Curtis points out that there are many inherent risks about this data being available. It may fall into the hands of insurance companies, and it could even be used by governments for surveillance purposes.
“Genetic sequence data is very useful indeed for forensic purposes. Its full potential has yet to be realized but identifying rare variants could provide a quick and easy way to find relatives of a perpetrator,” he says. “If large numbers of people had been sequenced in a healthcare system then it could be difficult for a future government to resist the temptation to use this as a resource to investigate serious crimes.”
While sequencing becoming more widely available will present difficult ethical and moral challenges, it will offer many benefits for society as a whole. Cheaper sequencing will help boost the diversity of genomic datasets which have traditionally been skewed towards individuals of white, European descent, meaning that much of the actionable medical information which has come out of these studies is not relevant to people of other ethnicities.

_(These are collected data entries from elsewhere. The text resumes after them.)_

Lemma conservative_phase_faults_le A I j : conservative k A -> phase_faults A I j <= k.
Proof.
move=> consA; rewrite /phase_faults.
set L := phase_ids k I; set n := size I.
have sL : sorted leq L := sorted_phase_ids I.
have sizeL : size L = n := size_phase_ids I.
set a := count (fun q => q < j) L; set b := count (fun q => q < j.+1) L.
have ab : a <= b by apply: sub_count => q /=; lia.
have bn : b <= n by rewrite -sizeL count_size.
have phaseE i : i < n -> (nth 0 L i == j) = (a <= i < b).
  by move=> ltin; rewrite sorted_nth_eq_count // sizeL.
(* phase [j] is the segment [a, b) of [I] *)
have -> : \sum_(0 <= i < n | nth 0 L i == j) (fault_at k A I i : nat) =
          \sum_(a <= i < b) fault_at k A I i.
  rewrite (@big_cat_nat _ _ _ a 0 n) //=; last exact: leq_trans ab bn.
  rewrite (@big_cat_nat _ _ _ b a n) //=.
  have before : \sum_(0 <= i < a | nth 0 L i == j) (fault_at k A I i : nat) = 0.
    by rewrite big_nat_cond big1 // => i /andP[/andP[_ ia]]; rewrite phaseE; lia.
  have after : \sum_(b <= i < n | nth 0 L i == j) (fault_at k A I i : nat) = 0.
    by rewrite big_nat_cond big1 // => i /andP[/andP[bi ltin]]; rewrite phaseE; lia.
  rewrite before after add0n addn0 big_nat_cond [RHS]big_nat_cond.
  apply: eq_bigl => i; case/boolP: (a <= i < b) => [abi|//].
  by rewrite andbT /= phaseE ?abi //; lia.
apply: consA; first by rewrite ab bn.
apply: leq_trans (card_phase_pages I j); apply/subset_leq_card/subsetP => y.
rewrite !inE => /(nthP y) [m]; rewrite size_takel ?size_drop -/n; last by lia.
move=> ltm <-; rewrite nth_take // nth_drop.
have /eqP <- : nth 0 L (a + m) == j by rewrite phaseE; lia.
by apply: mem_phase_pages; lia.
Qed.

(* a marking [A] still caches the earlier page just before the later request *)
Lemma marking_fault_new_page A I x0 i i' : marking k A -> i < i' < size I ->
  nth 0 (phase_ids k I) i = nth 0 (phase_ids k I) i' -> fault_at k A I i' ->
  nth x0 I i != nth x0 I i'.
Proof.
move=> markA /andP[ltii' lti'I] same_phase.
have sL := sorted_phase_ids I; have sizeL := size_phase_ids I.
have le_nth := sorted_leq_nth leq_trans leqnn 0 sL.
have same_phase' : nth 0 (phase_ids k I) i = nth 0 (phase_ids k I) i'.-1.
  apply/eqP; rewrite eqn_leq le_nth ?inE ?sizeL //=; try lia.
  by rewrite same_phase le_nth ?inE ?sizeL //=; lia.
have := markA I x0 i i'.-1 _ same_phase'; rewrite prednK; last by lia.
rewrite /fault_at (nth_faults_from _ _ _ _ x0) // => cached /negP uncached.
by apply/eqP => samepage; apply: uncached; rewrite -samepage; apply: cached; lia.
Qed.

Lemma marking_phase_faults_le A I j x0 : marking k A -> phase_faults A I j <= k.
Proof.
move=> markA; rewrite /phase_faults big_mkord.
set n := size I; set L := phase_ids k I.
set S := [set i : 'I_n | (nth 0 L i == j) && fault_at k A I i].
have -> : \sum_(i < n | nth 0 L i == j) (fault_at k A I i : nat) = #|S|.
  rewrite -sum1_card big_mkcond [RHS]big_mkcond /=; apply: eq_bigr => i _.
  by rewrite inE; case: (_ == j); case: fault_at.
have inj_page : {in S &, injective (fun i : 'I_n => nth x0 I i)}.
  move=> i i'; rewrite !inE => /andP[/eqP phi fi] /andP[/eqP phi' fi'] samepage.
  have ltn' (m : 'I_n) : m < size I := ltn_ord m.
  case: (ltngtP i i') => [lt|gt|/val_inj //].
    have := @marking_fault_new_page A I x0 i i' markA.
    by rewrite lt ltn' phi phi' samepage eqxx => /(_ isT erefl fi').
  have := @marking_fault_new_page A I x0 i' i markA.
  by rewrite gt ltn' phi phi' samepage eqxx => /(_ isT erefl fi).
rewrite -(card_in_imset inj_page); apply: leq_trans (card_phase_pages I j).
apply/subset_leq_card/subsetP => y /imsetP[i]; rewrite !inE => /andP[/eqP <- _] ->.
exact: mem_phase_pages.
Qed.

Lemma cost_le_cost_plus_size A B I : conservative k A \/ marking k A ->
  k * cost k A I <= k.-1 * size I + k * cost k B I.
Proof.
move=> consA_or_markA.
case: I => [|x0 s]; first by rewrite /cost /= muln0.
set I := x0 :: s; set L := phase_ids k I.
have phase_range i : i < size I -> 0 < nth 0 L i <= last 0 L.
  move=> ltiI; apply/andP; split.
    by apply: (all_nthP 0 (phase_ids_gt0 I)); rewrite size_phase_ids.
  rewrite -nth_last size_phase_ids.
  by apply: (sorted_leq_nth leq_trans leqnn 0 (sorted_phase_ids I));
    rewrite ?inE ?size_phase_ids /=; move: ltiI; rewrite /I /=; lia.
have phase_faults_le j : phase_faults A I j <= k.
  by case: consA_or_markA => [/conservative_phase_faults_le|/(marking_phase_faults_le _ _ _ x0)].
rewrite cost_sum_fault_at.
apply: leq_trans
  (@sum_bool_classes_le k _ _ (nth 0 L) (fault_at k A I) k_gt0 phase_range phase_faults_le) _.
by rewrite leq_add2l leq_mul2l last_phase_ids_le_cost orbT.
Qed.

End Phases.

From mathcomp Require Import all_classical all_reals all_analysis.
From mathcomp Require Import lra.
Import Order.TTheory GRing.Theory Num.Theory.
Local Open Scope ring_scope.

Lemma cost_diff_le (R : realType) (T : finType) (k : nat) (A B : paging_alg T)
    (I : seq T) : (0 < k)%N -> conservative k A \/ marking k A ->
  (cost k A I)%:R - (cost k B I)%:R <= (1 - k%:R^-1) * (size I)%:R :> R.
Proof.
move=> k_gt0 consA_or_markA.
have := @cost_le_cost_plus_size T k k_gt0 A B I consA_or_markA.
rewrite -(ler_nat R) natrD !natrM -subn1 natrB // => kA_le.
have k_gt0R : 0 < k%:R :> R by rewrite ltr0n.
have scaledE : k%:R * ((1 - k%:R^-1) * (size I)%:R) = (k%:R - 1) * (size I)%:R :> R.
  by rewrite mulrA mulrBr mulr1 mulfV ?gt_eqF.
rewrite -(ler_pM2l k_gt0R) scaledE; lra.
Qed.
Lemma qnorm_of_sq q c : 0 <= c -> qdot q q = c * c -> qnorm q = c.
Proof. intros Hc E; rewrite qnorm_dot, E; apply sqrt_square, Hc. Qed.

Lemma qnorm_zero : qnorm qzero = 0.
Proof. apply qnorm_of_sq; [lra | unfold qdot, qzero; simpl; ring]. Qed.

Lemma qnorm_one : qnorm qone = 1.
Proof. apply qnorm_of_sq; [lra | unfold qdot, qone; simpl; ring]. Qed.

Lemma qnorm_qreal x : qnorm (qreal x) = Rabs x.
Proof.
  apply qnorm_of_sq; [apply Rabs_pos|].
  rewrite <- Rabs_mult, Rabs_right by nra; unfold qdot, qreal; simpl; ring.
Qed.

Lemma qnorm_scale s p : qnorm (qscale s p) = Rabs s * qnorm p.
Proof.
  apply qnorm_of_sq; [apply Rmult_le_pos; [apply Rabs_pos | apply qnorm_ge0]|].
  replace (Rabs s * qnorm p * (Rabs s * qnorm p))
    with ((Rabs s * Rabs s) * (qnorm p * qnorm p)) by ring.
  rewrite qnorm_sq, <- Rabs_mult, Rabs_right by nra; quat_components; ring.
Qed.

Lemma qnorm_mul p q : qnorm (qmul p q) = qnorm p * qnorm q.
Proof.
  apply qnorm_of_sq; [apply Rmult_le_pos; apply qnorm_ge0|].
  replace (qnorm p * qnorm q * (qnorm p * qnorm q))
    with ((qnorm p * qnorm p) * (qnorm q * qnorm q)) by ring.
  rewrite !qnorm_sq; quat_components; ring.
Qed.

Lemma qpow_norm q k : qnorm (qpow q k) = qnorm q ^ k.
Proof.
  induction k as [|k IH]; simpl qpow; [apply qnorm_one|].
  rewrite qnorm_mul, IH; simpl; ring.
Qed.

(* Lagrange's identity in dimension four. *)
Lemma qdot_sq_le p q : qdot p q * qdot p q <= qdot p p * qdot q q.
Proof.
  destruct p as [a b c d], q as [e f g h]; unfold qdot; simpl.
  assert (E : (a*a+b*b+c*c+d*d)*(e*e+f*f+g*g+h*h) - (a*e+b*f+c*g+d*h)*(a*e+b*f+c*g+d*h)
    = (a*f-b*e)^2+(a*g-c*e)^2+(a*h-d*e)^2+(b*g-c*f)^2+(b*h-d*f)^2+(c*h-d*g)^2) by ring.
  pose proof (pow2_ge_0 (a*f-b*e)); pose proof (pow2_ge_0 (a*g-c*e));
  pose proof (pow2_ge_0 (a*h-d*e)); pose proof (pow2_ge_0 (b*g-c*f));
  pose proof (pow2_ge_0 (b*h-d*f)); pose proof (pow2_ge_0 (c*h-d*g)).
  lra.
Qed.

Lemma qdot_le_qnorm p q : qdot p q <= qnorm p * qnorm q.
Proof.
  pose proof (qnorm_ge0 p); pose proof (qnorm_ge0 q).
  pose proof (qdot_sq_le p q) as Hsq; rewrite <- !qnorm_sq in Hsq.
  apply Rsqr_incr_0_var; [unfold Rsqr; nra | nra].
Qed.

Lemma qnorm_add_le p q : qnorm (qadd p q) <= qnorm p + qnorm q.
Proof.
  pose proof (qdot_le_qnorm p q); pose proof (qnorm_ge0 p); pose proof (qnorm_ge0 q).
  apply Rsqr_incr_0_var; [| nra]. unfold Rsqr.
  rewrite qnorm_sq.
  replace (qdot (qadd p q) (qadd p q)) with (qdot p p + 2 * qdot p q + qdot q q)
    by (quat_components; ring).
  rewrite <- !qnorm_sq; nra.
Qed.

Lemma qnorm_sub_le p q : qnorm (qsub p q) <= qnorm p + qnorm q.
Proof.
  unfold qsub; eapply Rle_trans; [apply qnorm_add_le|].
  rewrite qnorm_scale, Rabs_left by lra; lra.
Qed.

Lemma qnorm_sub_triangle p q r : qnorm (qsub p r) <= qnorm (qsub p q) + qnorm (qsub q r).
Proof.
  replace (qsub p r) with (qadd (qsub p q) (qsub q r)) by quat_ring.
  apply qnorm_add_le.
Qed.
(* Let $S$ be $\mathbb{R}$ or $\mathbb{C}$, and let $\boldsymbol{\varepsilon}=(\varepsilon_1,\dots,\varepsilon_{n-1})$, $\boldsymbol{\delta}=(\delta_1,\dots,\delta_{n-1})$ satisfy $-1<\delta_i\le0\le\varepsilon_i$ for $i=1,\dots,n-1$. Then for every $A\in\mathbf{CP}^{\boldsymbol{\varepsilon}}_n(S)$ there exists $B\in\mathbf{CP}^{\boldsymbol{\delta}}_n(S)$ such that $b^{(k)}_{n,n}=a^{(k)}_{n,n}$ for all $k=1,\dots,n$, and for all $k$ and all $i,j\ge k$, $$\big|b^{(k)}_{i,j}-a^{(k)}_{i,j}\big|\le \max_{\min\{i,j\}\le \ell\le n-1}\left( \frac{\Big[\big(\frac{1+\varepsilon_\ell}{1+\delta_\ell}\big)^2-1\Big]\,|a^{(\ell)}_{\ell,\ell}|}{\prod_{p=\min\{i,j\}}^{\ell-1}(1+\delta_p)} + \sum_{m=\min\{i,j\}}^{\ell-1}\frac{(\varepsilon_m-\delta_m)\,|a^{(m)}_{m,m}|}{\prod_{p=\min\{i,j\}}^{m}(1+\delta_p)}\right).$$
   Context: For an $n\times n$ complex matrix $A=(a_{i,j})$, Gaussian elimination without pivoting is the recursion $a^{(1)}_{i,j}=a_{i,j}$ and $a^{(k+1)}_{i,j}=a^{(k)}_{i,j}-a^{(k)}_{i,k}a^{(k)}_{k,j}/a^{(k)}_{k,k}$ for $k+1\le i,j\le n$, $k=1,\dots,n-1$ (defined when all pivots $a^{(k)}_{k,k}\ne0$); similarly $b^{(k)}_{i,j}$ for $B$. For $S\subseteq\mathbb{C}$ and $\boldsymbol{\varepsilon}=(\varepsilon_1,\dots,\varepsilon_{n-1})$ with each $\varepsilon_i>-1$, $\mathbf{CP}^{\boldsymbol{\varepsilon}}_n(S)$ is the set of invertible $A\in S^{n\times n}$ for which elimination without pivoting is defined and $|a^{(k)}_{i,j}|\le(1+\varepsilon_k)|a^{(k)}_{k,k}|$ for all $k=1,\dots,n-1$ and all $i,j\ge k$ with $(i,j)\ne(k,k)$. Empty products equal $1$ and empty sums equal $0$. *)

From mathcomp Require Import all_boot all_order all_algebra.
From mathcomp Require Import complex.
From mathcomp Require Import all_reals.
Set Implicit Arguments. Unset Strict Implicit. Unset Printing Implicit Defensive.
Import Order.TTheory GRing.Theory Num.Theory.
Local Open Scope ring_scope.

Section GE.
Variables (C : numFieldType) (n : nat).

(* 1-based entry access: aent A i j = a_{i,j} for 1 <= i,j <= n (0 outside). *)
Definition aent (A : 'M[C]_n) (i j : nat) : C :=
  match (insub i.-1 : option 'I_n), (insub j.-1 : option 'I_n) with
  | Some i', Some j' => if (0 < i)%N && (0 < j)%N then A i' j' else 0
  | _, _ => 0
  end.

(* gel A k i j = a^{(k)}_{i,j} (1-based k, i, j), Gaussian elimination without
   pivoting:  a^{(1)} = A,
   a^{(k+1)}_{i,j} = a^{(k)}_{i,j} - a^{(k)}_{i,k} a^{(k)}_{k,j} / a^{(k)}_{k,k}
   for k+1 <= i,j, and entries with i <= k or j <= k are left unchanged
   (they are never used). gel A 0 = gel A 1 = A. *)
Fixpoint gel (A : 'M[C]_n) (k : nat) : nat -> nat -> C :=
  match k with
  | 0 => aent A
  | k'.+1 =>
      let b := gel A k' in
      fun i j => if [&& (0 < k')%N, (k' < i)%N & (k' < j)%N]
                 then b i j - b i k' * b k' j / b k' k'
                 else b i j
  end.
Inductive ext (T : Type) := Orig of T | Star | Star'.
Arguments Star {T}. Arguments Star' {T}.

Section Ext.
Variable R : realType.

Definition dX_ext (X : Type) (dX : X -> X -> R) (p C1 CY : R) (a b : ext X) : R :=
  match a, b with
  | Orig x, Orig y => dX x y
  | Star, Star => 0
  | Star', Star' => 0
  | _, _ => (C1 `^ p - CY `^ p / 2) `^ (p^-1)
  end.

Definition dY_ext (Y : Type) (dY : Y -> Y -> R) (CY : R) (a b : ext Y) : R :=
  match a, b with
  | Orig x, Orig y => dY x y
  | Star, Star => 0
  | Star', Star' => 0
  | _, _ => CY
  end.

Definition ext_w (X : Type) (n l : nat) (w : 'I_n -> X) (i : 'I_l) : ext X :=
  match insub (nat_of_ord i) with
  | Some j => Orig (w j)
  | None => Star'
  end.

Definition ext_f (Y : Type) (y0 : Y) (n l : nat) (f : 'I_n -> 'I_n -> Y)
  (i j : 'I_l) : ext Y :=
  match insub (nat_of_ord i), insub (nat_of_ord j) with
  | Some i1, Some j1 => Orig (f i1 j1)
  | _, _ => if i == j then Orig y0 else Star'
  end.
End Ext.

From mathcomp Require Import all_boot all_order all_algebra.
From mathcomp Require Import fingroup perm.
From mathcomp Require Import all_classical all_reals exp.
From mathcomp Require Import lra.
Import Order.TTheory GRing.Theory Num.Theory.
Set Implicit Arguments. Unset Strict Implicit. Unset Printing Implicit Defensive.
Local Open Scope ring_scope.

(* Every assignment pi in S_l of the padded graph restricts to an assignment
   s in S_n that agrees with pi on the vertices pi sends into [n].  Each other
   vertex of ([m],v,e) is matched by pi to a dummy x'_*, at cost
   C1^p - CY^p/2, which dominates d(v_i, w_(s i))^p; each edge meeting such a
   vertex is matched to a dummy y'_*, at cost CY^p, which dominates the edge
   cost under s.  Weighting the cost of s by l and that of pi by n, the C1^p
   terms then balance and the CY^p terms are absorbed by the edge weights
   1/(2(n-1)) and 1/(2(l-1)), so l cost_n(s) <= n cost_l(pi). *)

Lemma perm_restrict_last (l : nat) (pi : 'S_l.+1) : exists pi1 : 'S_l,
  forall j : 'I_l, (pi (widen_ord (leqnSn l) j) < l)%N ->
    val (pi1 j) = val (pi (widen_ord (leqnSn l) j)).
Proof.
(* [pi2] fixes [l] and agrees with [pi] wherever [pi] stays below [l] *)
set a := (pi^-1)%g ord_max; set pi2 := (tperm a ord_max * pi)%g.
have pi2_max : pi2 ord_max = ord_max by rewrite permM tpermR /a permKV.
have pi2_lift j : pi2 (lift ord_max j) != ord_max.
  by rewrite -{2}pi2_max (inj_eq perm_inj) eq_sym neq_lift.
pose g (j : 'I_l) := odflt j (unlift ord_max (pi2 (lift ord_max j))).
have pi2_g j : pi2 (lift ord_max j) = lift ord_max (g j).
  by rewrite /g; case: unliftP => [k -> //|/eqP]; rewrite (negbTE (pi2_lift j)).
have g_inj : injective g.
  move=> j1 j2 eq_g; apply: (@lift_inj _ ord_max); apply: (@perm_inj _ pi2).
  by rewrite !pi2_g eq_g.
exists (perm g_inj) => j pij_lt; rewrite permE -[val (g j)](lift_max (g j)) -pi2_g.
have -> : lift ord_max j = widen_ord (leqnSn l) j by apply: val_inj; exact: lift_max.
rewrite permM tpermD //; apply/eqP => eq_j.
  by move: pij_lt; rewrite -eq_j /a permKV /= ltnn.
by move/(congr1 val): eq_j (ltn_ord j) => /= <-; rewrite ltnn.
Qed.

Lemma perm_restrict (n l : nat) (hnl : (n <= l)%N) (pi : 'S_l) : exists s : 'S_n,
  forall j : 'I_n, (pi (widen_ord hnl j) < n)%N -> val (s j) = val (pi (widen_ord hnl j)).
Proof.
elim: l hnl pi => [|l IH] hnl pi.
  by exists 1%g => j; move: (leq_trans (ltn_ord j) hnl).
have [eq_n|neq_n] := eqVneq n l.+1.
  by subst n; exists pi => j _; congr (val (pi _)); exact: val_inj.
have hnl' : (n <= l)%N by rewrite -ltnS ltn_neqAle neq_n.
case: (@perm_restrict_last l pi) => pi1 pi1_agree.
case: (IH hnl' pi1) => s s_agree.
exists s => j pij_lt.
have eq_j : widen_ord hnl j = widen_ord (leqnSn l) (widen_ord hnl' j) by exact: val_inj.
rewrite eq_j in pij_lt *.
have eq_pi1 := pi1_agree _ (leq_trans pij_lt hnl').
by rewrite s_agree eq_pi1.
Qed.

Lemma ext_w_agree (X : Type) (n l : nat) (w : 'I_n -> X) (k : 'I_n) (P : 'I_l) :
  ((P < n)%N -> val k = val P) -> ext_w w P = Orig (w k) \/ ext_w w P = Star'.
Proof.
move=> k_agree; rewrite /ext_w; case: insubP => [k' P_lt eq_k'|_]; [left|by right].
by congr (Orig (w _)); apply: val_inj; rewrite eq_k' k_agree.
Qed.

Lemma ext_f_agree (Y : Type) (y0 : Y) (n l : nat) (f : 'I_n -> 'I_n -> Y)
  (k k' : 'I_n) (P P' : 'I_l) : P != P' ->
  ((P < n)%N -> val k = val P) -> ((P' < n)%N -> val k' = val P') ->
  ext_f y0 f P P' = Orig (f k k') \/ ext_f y0 f P P' = Star'.
Proof.
move=> /negbTE neq_P k_agree k'_agree; rewrite /ext_f.
case: (insubP 'I_n (val P)) => [j P_lt eq_j|_]; last by rewrite neq_P; right.
case: (insubP 'I_n (val P')) => [j' P'_lt eq_j'|_]; last by rewrite neq_P; right.
by left; congr (Orig (f _ _)); apply: val_inj; rewrite ?eq_j ?eq_j' ?k_agree ?k'_agree.
Qed.

Lemma ext_f_diag (Y : Type) (y0 : Y) (n l : nat) (f : 'I_n -> 'I_n -> Y) (P : 'I_l) :
  (forall k, f k k = y0) -> ext_f y0 f P P = Orig y0.
Proof.
by move=> f_diag; rewrite /ext_f; case: insubP => [k _ _|_]; rewrite ?f_diag ?eqxx.
Qed.

Lemma mixture_le (R : realType) (A B t t' z : R) :
  0 <= B <= A -> t <= z -> t' = t \/ t' = z -> A * t <= B * t' + (A - B) * z.
Proof. by move=> /andP[B_ge0 le_BA] le_tz [->|->]; nra. Qed.

Lemma powR_invrK (R : realType) (z p : R) : 0 <= z -> 0 < p -> (z `^ p^-1) `^ p = z.
Proof. by move=> z_ge0 p_gt0; rewrite -powRrM mulVf ?gt_eqF // powRr1. Qed.

Lemma root_normalized_le (R : realType) (p N L c c' : R) :
  0 < p -> 0 < N -> 0 < L -> 0 <= c -> 0 <= c' -> L * c <= N * c' ->
  N `^ (- p^-1) * c `^ p^-1 <= L `^ (- p^-1) * c' `^ p^-1.
Proof.
move=> p_gt0 N_gt0 L_gt0 c_ge0 c'_ge0 le_cc'.
have q_ge0 : 0 <= p^-1 by rewrite invr_ge0 ltW.
have [N_q L_q] : 0 < N `^ p^-1 /\ 0 < L `^ p^-1 by split; apply: powR_gt0.
rewrite !powRN ler_pdivrMl // mulrCA ler_pdivlMl //.
rewrite -(powRM _ (ltW L_gt0) c_ge0) -(powRM _ (ltW N_gt0) c'_ge0).
by apply: ge0_ler_powR => //; rewrite nnegrE mulr_ge0 // ltW.
Qed.

Lemma gospa_cost_ge0 (R : realType) (V E : Type) (dV : V -> V -> R) (dE : E -> E -> R)
  (p C1 CY : R) (m n : nat) (hmn : (m <= n)%N)
  (v : 'I_m -> V) (e : 'I_m -> 'I_m -> E) (w : 'I_n -> V) (f : 'I_n -> 'I_n -> E)
  (pi : {perm 'I_n}) : 0 <= gospa_cost dV dE p C1 CY hmn v e w f pi.
Proof.
rewrite /gospa_cost !addr_ge0 ?mulr_ge0 ?invr_ge0 ?mulr_ge0 ?powR_ge0 //.
- by rewrite sumr_ge0 // => i _; rewrite powR_ge0.
- rewrite sumr_ge0 // => i _; rewrite addr_ge0 ?mulr_ge0 ?powR_ge0 ?sumr_ge0 //.
  by move=> j _; rewrite powR_ge0.
Qed.

Lemma powR_le_diam (R : realType) (T : Type) (d : T -> T -> R) (C p : R) :
  0 <= p -> pseudometric d -> diam_le d C -> forall x y, d x y `^ p <= C `^ p.
Proof.
move=> p_ge0 [_ d_ge0 _ _] le_dC x y.
by apply: ge0_ler_powR; rewrite ?nnegrE ?d_ge0 // (le_trans (d_ge0 x y)).
Qed.

Lemma bigmin_mul_le (R : realType) (I J : finType) (F : I -> R) (G : J -> R)
  (i0 : I) (j0 : J) (L N : R) :
  0 <= L -> 0 < N -> (forall j, exists i, L * F i <= N * G j) ->
  L * \big[Order.min/F i0]_i F i <= N * \big[Order.min/G j0]_j G j.
Proof.
move=> L_ge0 N_gt0 dominated.
suff le_G j : L * \big[Order.min/F i0]_i F i <= N * G j.
  by rewrite -ler_pdivrMl //; apply: le_bigmin => [|j]; rewrite ler_pdivrMl.
have [i le_FG] := dominated j; apply: le_trans le_FG.
by rewrite ler_wpM2l ?bigmin_le.
Qed.

Lemma weighted_cost_le (R : realType) (L N M a b c y SXn SXl SYn SYl : R) :
  0 <= M -> 0 <= y ->
  L * SXn <= N * SXl + M * (L - N) * (c - y / 2) ->
  L * a * SYn <= N * b * SYl + M * (M - 1) * (L * a - N * b) * y ->
  L * a * (N - 1) - N * b * (L - 1) <= (L - N) / 2 ->
  L * ((N - M) * c + SXn + a * (SYn + (N - M) * y * M)) <=
  N * ((L - M) * c + SXl + b * (SYl + (L - M) * y * M)).
Proof.
(* The coefficients of [c] cancel; the [y]-terms leave [M y] times the slack of
   the last hypothesis. *)
move=> M_ge0 y_ge0 le_X le_Y le_w.
have : 0 <= M * y * ((L - N) / 2 - (L * a * (N - 1) - N * b * (L - 1))).
  by rewrite !mulr_ge0 // subr_ge0.
nra.
Qed.

Lemma natr_predB (R : realType) (k : nat) : (0 < k)%N -> (k.-1)%:R = k%:R - 1 :> R.
Proof. by move=> hk; rewrite -subn1 natrB. Qed.

(* The edge factor 1/(2(k-1)) of GOSPA1; for k = 1 it is 1/0 = 0. *)
Definition edge_weight (R : realType) (k : nat) : R := (2 * (k.-1)%:R)^-1.

Lemma edge_weight_ge0 (R : realType) (k : nat) : 0 <= edge_weight R k.
Proof. by rewrite invr_ge0 mulr_ge0. Qed.

Lemma edge_weight1 (R : realType) : edge_weight R 1 = 0.
Proof. by rewrite /edge_weight mulr0 invr0. Qed.

Lemma edge_weightK (R : realType) (k : nat) :
  (1 < k)%N -> edge_weight R k * (k%:R - 1) = 2^-1.
Proof.
move=> hk; rewrite /edge_weight -natr_predB ?(ltnW hk) // invfM -mulrA mulVf ?mulr1 //.
by rewrite pnatr_eq0 -lt0n -ltnS prednK // ltnW.
Qed.

Lemma edge_weight_le (R : realType) (n l : nat) : (1 < n)%N -> (n <= l)%N ->
  n%:R * edge_weight R l <= l%:R * edge_weight R n.
Proof.
move=> hn hl; have hl2 := leq_trans hn hl.
rewrite /edge_weight !natr_predB ?(ltnW hn) ?(ltnW hl2) //.
have hN : (2 : R) <= n%:R by rewrite (ler_nat R 2 n).
have hNL : (n%:R : R) <= l%:R by rewrite ler_nat.
rewrite ler_pdivrMr; last lra.
rewrite mulrAC ler_pdivlMr; [nra|lra].
Qed.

Ward predicts that in the coming years, the growing amount of genetic information will ultimately change the outcomes for many with rare, previously incurable illnesses.
“If you're the parent of a child that has a susceptible or a suspected rare genetic disease, their genome will get sequenced, and while sadly that doesn’t always lead to treatments, it’s building up a knowledge base so companies can spring up and target that niche of a disease,” he says. “As a result there’s a whole tidal wave of new therapies that are going to come to market over the next five years, as the genetic tools we have, mature and evolve.”